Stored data
■ ■ ■ ■ ■
(* Let $\Lambda>1$ and let $(v_1,v_2)$ be a solution with positive components of \[ -v_1''+v_1^3-v_1+\Lambda v_2^2v_1=0,\qquad -v_2''+v_2^3-v_2+\Lambda v_1^2v_2=0,\qquad z\in\mathbb{R}, \] \[ (v_1,v_2)\to(0,1)\ \text{as } z\to-\infty,\qquad (v_1,v_2)\to(1,0)\ \text{as } z\to+\infty. \] Then $v_1'>0$ on $\mathbb{R}$ implies $v_2'<0$ on $\mathbb{R}$, and conversely $v_2'<0$ on $\mathbb{R}$ implies $v_1'>0$ on $\mathbb{R}$. *)

From Stdlib Require Import Reals.
From Coquelicot Require Import Coquelicot.
Open Scope R_scope.

Definition is_solution (Lam : R) (v1 v2 : R -> R) : Prop :=
  (forall z, ex_derive v1 z) /\ (forall z, ex_derive v2 z) /\
  (forall z, ex_derive (Derive v1) z) /\ (forall z, ex_derive (Derive v2) z) /\
  (forall z, - Derive (Derive v1) z + v1 z ^ 3 - v1 z + Lam * v2 z ^ 2 * v1 z = 0) /\
  (forall z, - Derive (Derive v2) z + v2 z ^ 3 - v2 z + Lam * v1 z ^ 2 * v2 z = 0).

From Stdlib Require Import Reals Lra.
From Coquelicot Require Import Coquelicot.
Open Scope R_scope.

(* The second equation reads v2'' = v2 q with q = v2^2 - 1 + Lam v1^2.  Assume
   v1' > 0.  If v2 increased somewhere, the limit 0 at +oo would give an
   interior maximum of v2, where q <= 0, so v2 < 1 there; the limit 1 at -oo
   then gives an interior minimum further left, where q >= 0.  But q is
   strictly larger at the maximum, as both v1 and v2 are larger there.  So
   v2' <= 0, and a zero of v2' would be a maximum of v2' at which
   v2''' = 2 Lam v1 v1' v2 > 0.  The converse follows
   by the symmetry (v1, v2)(z) |-> (v2, v1)(-z) of the system, which swaps
   the boundary conditions. *)

Lemma locally_pos_of_continuous (h : R -> R) (p : R) :
  continuous h p -> 0 < h p -> locally p (fun t => 0 < h t).
Proof. intros Hh Hp. exact (Hh _ (open_gt 0 (h p) Hp)). Qed.

Lemma locally_of_open_interval (P : R -> Prop) (a p b : R) :
  a < p < b -> (forall x, a < x < b -> P x) -> locally p P.
Proof.
  intros Hp HP. apply (filter_imp (fun x => a < x /\ x < b)); [exact HP|].
  exact (open_and _ _ (open_gt a) (open_lt b) p Hp).
Qed.

Lemma is_lim_p_infty_ex_lt (f : R -> R) (l c b : R) :
  is_lim f p_infty l -> l < c -> exists x, b < x /\ f x < c.
Proof.
  intros Hf Hc. destruct (Hf _ (open_lt c l Hc)) as [M HM].
  exists (Rmax M b + 1).
  split; [generalize (Rmax_r M b); lra|].
  apply HM. generalize (Rmax_l M b); lra.
Qed.

Lemma is_lim_m_infty_ex_gt (f : R -> R) (l c a : R) :
  is_lim f m_infty l -> c < l -> exists x, x < a /\ c < f x.
Proof.
  intros Hf Hc. destruct (Hf _ (open_gt c l Hc)) as [M HM].
  exists (Rmin M a - 1).
  split; [generalize (Rmin_r M a); lra|].
  apply HM. generalize (Rmin_l M a); lra.
Qed.

Lemma strict_incr_of_Derive_pos (f : R -> R) (a b x y : R) :
  (forall t, ex_derive f t) -> (forall t, a < t < b -> 0 < Derive f t) ->
  a <= x -> x < y -> y <= b -> f x < f y.
Proof.
  intros Hf Hpos Hax Hxy Hyb.
  destruct (MVT_cor2 f (Derive f) x y Hxy) as [c [Hc Hcxy]].
  { intros c _. apply is_derive_Reals, Derive_correct, Hf. }
  assert (0 < Derive f c) by (apply Hpos; lra).
  nra.
Qed.

Lemma strict_decr_of_Derive_neg (f : R -> R) (a b x y : R) :
  (forall t, ex_derive f t) -> (forall t, a < t < b -> Derive f t < 0) ->
  a <= x -> x < y -> y <= b -> f y < f x.
Proof.
  intros Hf Hneg Hax Hxy Hyb.
  enough (- f x < - f y) by lra.
  apply (strict_incr_of_Derive_pos (fun t => - f t) a b); auto.
  - intro t. exact (ex_derive_opp f t (Hf t)).
  - intros t Ht. rewrite Derive_opp. specialize (Hneg t Ht). lra.
Qed.

Lemma not_local_max_of_Derive2_pos (f : R -> R) (p : R) :
  (forall x, ex_derive f x) -> (forall x, ex_derive (Derive f) x) ->
  locally p (fun t => 0 < Derive (Derive f) t) ->
  ~ locally p (fun x => f x <= f p).
Proof.
  intros Hf Hdf Hconvex Hmax.
  destruct (filter_and _ _ Hconvex Hmax) as [d Hd].
  assert (Hball : forall t, p - d < t < p + d -> 0 < Derive (Derive f) t /\ f t <= f p).
  { intros t Ht. apply Hd. change (Rabs (t - p) < d). apply Rabs_def1; lra. }
  assert (Hd0 := cond_pos d).
  destruct (Rle_lt_dec 0 (Derive f p)) as [Hdp|Hdp].
  - assert (Hincr : forall t, p < t < p + d -> 0 < Derive f t).
    { intros t Ht.
      enough (Derive f p < Derive f t) by lra.
      apply (strict_incr_of_Derive_pos _ (p - d) (p + d)); try lra; auto.
      intros s Hs. apply Hball; lra. }
    assert (f p < f (p + d / 2)) by (apply (strict_incr_of_Derive_pos _ p (p + d)); auto; lra).
    assert (f (p + d / 2) <= f p) by (apply Hball; lra).
    lra.
  - assert (Hdecr : forall t, p - d < t < p -> Derive f t < 0).
    { intros t Ht.
      enough (Derive f t < Derive f p) by lra.
      apply (strict_incr_of_Derive_pos _ (p - d) (p + d)); try lra; auto.
      intros s Hs. apply Hball; lra. }
    assert (f p < f (p - d / 2)) by (apply (strict_decr_of_Derive_neg _ (p - d) p); auto; lra).
    assert (f (p - d / 2) <= f p) by (apply Hball; lra).
    lra.
Qed.

Lemma not_local_min_of_Derive2_neg (f : R -> R) (p : R) :
  (forall x, ex_derive f x) -> (forall x, ex_derive (Derive f) x) ->
  locally p (fun t => Derive (Derive f) t < 0) ->
  ~ locally p (fun x => f p <= f x).
Proof.
  intros Hf Hdf Hconcave Hmin.
  assert (HDopp : forall t, Derive (fun x => - f x) t = - Derive f t) by (intro; apply Derive_opp).
  apply (not_local_max_of_Derive2_pos (fun x => - f x) p).
  - intro x. exact (ex_derive_opp f x (Hf x)).
  - intro x. apply (ex_derive_ext (fun t => - Derive f t)); [intro; now rewrite HDopp|].
    exact (ex_derive_opp _ x (Hdf x)).
  - revert Hconcave; apply filter_imp; intros t Ht.
    rewrite (Derive_ext _ (fun x => - Derive f x) _ HDopp), Derive_opp. lra.
  - revert Hmin; apply filter_imp; intros x Hx. lra.
Qed.

Lemma Derive_nonpos_of_nonincreasing (f : R -> R) :
  (forall x, ex_derive f x) -> (forall a b, a <= b -> f b <= f a) ->
  forall x, Derive f x <= 0.
Proof.
  intros Hf Hdecr x.
  set (pr := fun t => ex_derive_Reals_0 f t (Hf t)).
  rewrite <- (Derive_Reals f x (pr x)).
  exact (nonpos_derivative_0 f pr Hdecr x).
Qed.

Lemma ex_interior_max (f : R -> R) (a c b : R) :
  (forall x, continuity_pt f x) -> a < c < b -> f a < f c -> f b < f c ->
  exists p, a < p < b /\ f c <= f p /\ locally p (fun x => f x <= f p).
Proof.
  intros Hf Hc Ha Hb.
  destruct (continuity_ab_maj f a b) as [p [Hmax Hp]]; [lra|intros; apply Hf|].
  assert (f c <= f p) by (apply Hmax; lra).
  assert (p <> a) by (intro; subst p; lra).
  assert (p <> b) by (intro; subst p; lra).
  assert (Hpint : a < p < b) by lra.
  exists p. split; [exact Hpint|split; [assumption|]].
  apply (locally_of_open_interval _ a p b Hpint). intros x Hx. apply Hmax; lra.
Qed.

Lemma ex_interior_min (f : R -> R) (a c b : R) :
  (forall x, continuity_pt f x) -> a < c < b -> f c < f a -> f c < f b ->
  exists p, a < p < b /\ f p <= f c /\ locally p (fun x => f p <= f x).
Proof.
  intros Hf Hc Ha Hb.
  destruct (ex_interior_max (fun x => - f x) a c b) as [p [Hp [Hcp Hmax]]]; try lra.
  { intro x. apply continuity_pt_opp, Hf. }
  exists p. split; [exact Hp|split; [lra|]].
  revert Hmax; apply filter_imp; intros x Hx. lra.
Qed.

Lemma is_derive_reflect (f : R -> R) (z l : R) :
  is_derive f (- z) l -> is_derive (fun t => f (- t)) z (- l).
Proof.
  intro Hf. replace (- l) with (scal (-1) l) by (unfold scal; simpl; unfold mult; simpl; ring).
  apply (is_derive_comp f Ropp); [exact Hf|].
  auto_derive; [exact I|ring].
Qed.

Lemma Derive_reflect (f : R -> R) (z : R) :
  ex_derive f (- z) -> Derive (fun t => f (- t)) z = - Derive f (- z).
Proof. intro Hf. apply is_derive_unique, is_derive_reflect, Derive_correct, Hf. Qed.

Lemma ex_derive_reflect (f : R -> R) (z : R) :
  ex_derive f (- z) -> ex_derive (fun t => f (- t)) z.
Proof. intro Hf. eexists. apply is_derive_reflect, Derive_correct, Hf. Qed.

Section Reflect.

Variable f : R -> R.
Hypothesis ex_f : forall x, ex_derive f x.
Hypothesis ex_Df : forall x, ex_derive (Derive f) x.

Let Derive_fr (t : R) : Derive (fun s => f (- s)) t = - Derive f (- t).
Proof. apply Derive_reflect, ex_f. Qed.

Lemma ex_derive_Derive_reflect (z : R) : ex_derive (Derive (fun t => f (- t))) z.
Proof.
  apply (ex_derive_ext (fun t => - Derive f (- t))); [intro t; now rewrite Derive_fr|].
  exact (ex_derive_opp _ z (ex_derive_reflect _ z (ex_Df (- z)))).
Qed.

Lemma Derive2_reflect (z : R) :
  Derive (Derive (fun t => f (- t))) z = Derive (Derive f) (- z).
Proof.
  rewrite (Derive_ext _ (fun t => - Derive f (- t)) z Derive_fr), Derive_opp.
  rewrite Derive_reflect by apply ex_Df. ring.
Qed.

End Reflect.

Lemma is_lim_reflect (f : R -> R) (x l : Rbar) :
  is_lim f (Rbar_opp x) l -> is_lim (fun t => f (- t)) x l.
Proof.
  intro Hf. apply (is_lim_comp f Ropp x l (Rbar_opp x)); [exact Hf| |].
  - apply (is_lim_opp (fun t => t)), is_lim_id.
  - destruct x as [r| |]; simpl.
    + exists (mkposreal 1 Rlt_0_1). intros y _ Hy E. apply Hy. injection E. lra.
    + exists 0. discriminate.
    + exists 0. discriminate.
Qed.

Section Decreasing_component.

Variables (Lam : R) (v1 v2 : R -> R).
Hypothesis Lam_pos : 0 < Lam.
Hypothesis ex_v1 : forall z, ex_derive v1 z.
Hypothesis ex_v2 : forall z, ex_derive v2 z.
Hypothesis ex_Dv1 : forall z, ex_derive (Derive v1) z.
Hypothesis ex_Dv2 : forall z, ex_derive (Derive v2) z.
Hypothesis v2_eq : forall z,
  Derive (Derive v2) z = v2 z * (v2 z ^ 2 - 1 + Lam * v1 z ^ 2).
Hypothesis v1_pos : forall z, 0 < v1 z.
Hypothesis v2_pos : forall z, 0 < v2 z.
Hypothesis v2_lim_m_infty : is_lim v2 m_infty 1.
Hypothesis v2_lim_p_infty : is_lim v2 p_infty 0.
Hypothesis Derive_v1_pos : forall z, 0 < Derive v1 z.

Let q (z : R) : R := v2 z ^ 2 - 1 + Lam * v1 z ^ 2.

Let continuous_q (z : R) : continuous q z.
Proof. apply (@ex_derive_continuous R_AbsRing R_NormedModule). unfold q. auto_derive. auto. Qed.

Lemma q_nonpos_at_local_max (p : R) : locally p (fun x => v2 x <= v2 p) -> q p <= 0.
Proof.
  intro Hmax. apply Rnot_lt_le. intro Hq.
  apply (not_local_max_of_Derive2_pos v2 p ex_v2 ex_Dv2); [|exact Hmax].
  generalize (locally_pos_of_continuous q p (continuous_q p) Hq).
  apply filter_imp. intros t Ht. rewrite v2_eq. apply Rmult_lt_0_compat; [apply v2_pos|exact Ht].
Qed.

Lemma q_nonneg_at_local_min (p : R) : locally p (fun x => v2 p <= v2 x) -> 0 <= q p.
Proof.
  intro Hmin. apply Rnot_lt_le. intro Hq.
  apply (not_local_min_of_Derive2_neg v2 p ex_v2 ex_Dv2); [|exact Hmin].
  assert (Hnq : 0 < - q p) by lra.
  generalize (locally_pos_of_continuous (fun t => - q t) p
                (continuous_opp q p (continuous_q p)) Hnq).
  apply filter_imp. intros t Ht. rewrite v2_eq.
  unfold q in Ht. generalize (v2_pos t). nra.
Qed.

Let continuity_pt_v2 (z : R) : continuity_pt v2 z.
Proof. apply continuity_pt_filterlim, (@ex_derive_continuous R_AbsRing R_NormedModule), ex_v2. Qed.

Lemma v2_nonincreasing (a b : R) : a <= b -> v2 b <= v2 a.
Proof.
  intro Hab. apply Rnot_lt_le. intro Hv.
  assert (Hab' : a < b) by (destruct Hab as [|E]; [assumption|subst; lra]).
  destruct (is_lim_p_infty_ex_lt v2 0 (v2 b) b v2_lim_p_infty (v2_pos b)) as [M [HbM HM]].
  destruct (ex_interior_max v2 a b M continuity_pt_v2) as [zb [Hzb [Hbzb Hmax]]]; try lra.
  assert (Hqzb := q_nonpos_at_local_max zb Hmax).
  assert (Hzb1 : v2 zb < 1).
  { assert (0 < Lam * v1 zb ^ 2) by (apply Rmult_lt_0_compat; [lra|apply pow_lt, v1_pos]).
    unfold q in Hqzb. generalize (v2_pos zb). nra. }
  destruct (is_lim_m_infty_ex_gt v2 1 (v2 zb) a v2_lim_m_infty Hzb1) as [N [HNa HN]].
  destruct (ex_interior_min v2 N a zb continuity_pt_v2) as [za [Hza [Hzaa Hmin]]]; try lra.
  assert (Hqza := q_nonneg_at_local_min za Hmin).
  assert (Hv1 : v1 za < v1 zb).
  { apply (strict_incr_of_Derive_pos v1 za zb); auto; lra. }
  assert (Hv2 : v2 za < v2 zb) by lra.
  assert (v2 za ^ 2 < v2 zb ^ 2) by (generalize (v2_pos za); nra).
  assert (v1 za ^ 2 < v1 zb ^ 2) by (generalize (v1_pos za); nra).
  unfold q in Hqza, Hqzb. nra.
Qed.

Let d3 (t : R) : R :=
  Derive v2 t * q t + v2 t * (2 * v2 t * Derive v2 t + 2 * Lam * v1 t * Derive v1 t).

Let is_derive_Derive2_v2 (t : R) : is_derive (Derive (Derive v2)) t (d3 t).
Proof.
  apply (is_derive_ext (fun s => v2 s * q s)); [intro s; now rewrite v2_eq|].
  unfold d3, q. auto_derive; [auto|].
  change (fun x => v1 x) with v1; change (fun x => v2 x) with v2. ring.
Qed.

Lemma Derive_v2_neg (z : R) : Derive v2 z < 0.
Proof.
  assert (Hnonpos := Derive_nonpos_of_nonincreasing v2 ex_v2 v2_nonincreasing).
  destruct (Rle_lt_or_eq_dec _ _ (Hnonpos z)) as [|Hz]; [assumption|exfalso].
  apply (not_local_max_of_Derive2_pos (Derive v2) z ex_Dv2).
  - intro t. eexists. apply is_derive_Derive2_v2.
  - assert (Hd3 : continuous d3 z).
    { apply (@ex_derive_continuous R_AbsRing R_NormedModule).
      unfold d3, q. auto_derive. repeat split; auto. }
    assert (Hd3z : 0 < d3 z).
    { enough (0 < 2 * Lam * v2 z * (v1 z * Derive v1 z)) by (unfold d3; rewrite Hz; lra).
      repeat apply Rmult_lt_0_compat; auto; lra. }
    generalize (locally_pos_of_continuous d3 z Hd3 Hd3z). apply filter_imp.
    intros t Ht. now rewrite (is_derive_unique _ _ _ (is_derive_Derive2_v2 t)).
  - apply filter_forall. intro x. rewrite Hz. apply Hnonpos.
Qed.

End Decreasing_component.

Lemma solution_Derive_v2_neg (Lam : R) (v1 v2 : R -> R) :
  0 < Lam -> is_solution Lam v1 v2 ->
  (forall z, 0 < v1 z) -> (forall z, 0 < v2 z) ->
  is_lim v2 m_infty 1 -> is_lim v2 p_infty 0 ->
  (forall z, 0 < Derive v1 z) -> forall z, Derive v2 z < 0.
Proof.
  intros Lam_pos [ex1 [ex2 [exD1 [exD2 [_ eq2]]]]] pos1 pos2 lim2m lim2p Hv1.
  apply (Derive_v2_neg Lam v1 v2); auto.
  intro z. specialize (eq2 z). lra.
Qed.

Lemma is_solution_reflect_swap (Lam : R) (v1 v2 : R -> R) :
  is_solution Lam v1 v2 -> is_solution Lam (fun z => v2 (- z)) (fun z => v1 (- z)).
Proof.
  intros [ex1 [ex2 [exD1 [exD2 [eq1 eq2]]]]].
  repeat split.
  - intro z. apply ex_derive_reflect, ex2.
  - intro z. apply ex_derive_reflect, ex1.
  - apply ex_derive_Derive_reflect; assumption.
  - apply ex_derive_Derive_reflect; assumption.
  - intro z. rewrite Derive2_reflect by assumption. apply eq2.
  - intro z. rewrite Derive2_reflect by assumption. apply eq1.
Qed.

Theorem lemma7p1 (Lam : R) (v1 v2 : R -> R) :
  1 < Lam ->
  is_solution Lam v1 v2 ->
  (forall z, 0 < v1 z) -> (forall z, 0 < v2 z) ->
  is_lim v1 m_infty 0 -> is_lim v2 m_infty 1 ->
  is_lim v1 p_infty 1 -> is_lim v2 p_infty 0 ->
  ((forall z, 0 < Derive v1 z) -> (forall z, Derive v2 z < 0)) /\
  ((forall z, Derive v2 z < 0) -> (forall z, 0 < Derive v1 z)).
Proof.
  intros HLam Hsol pos1 pos2 lim1m lim2m lim1p lim2p.
  assert (Lam_pos : 0 < Lam) by lra.
  assert (ex1 : forall z, ex_derive v1 z) by apply Hsol.
  assert (ex2 : forall z, ex_derive v2 z) by apply Hsol.
  split.
  - exact (solution_Derive_v2_neg Lam v1 v2 Lam_pos Hsol pos1 pos2 lim2m lim2p).
  - intros Hv2 z.
    assert (Hrefl : Derive (fun t => v1 (- t)) (- z) < 0).
    { apply (solution_Derive_v2_neg Lam (fun t => v2 (- t)));
        auto using is_solution_reflect_swap, is_lim_reflect.
      intro t. rewrite Derive_reflect by apply ex2. specialize (Hv2 (- t)). lra. }
    rewrite Derive_reflect, Ropp_involutive in Hrefl by apply ex1. lra.
Qed.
■ ■ ■ ■ ■
EXERCISE
Copy from the entries only those lines that hold the word "change".

EXERCISE OUTPUT
  { intros t Ht. apply Hd. change (Rabs (t - p) < d). apply Rabs_def1; lra. }
  change (fun x => v1 x) with v1; change (fun x => v2 x) with v2. ring.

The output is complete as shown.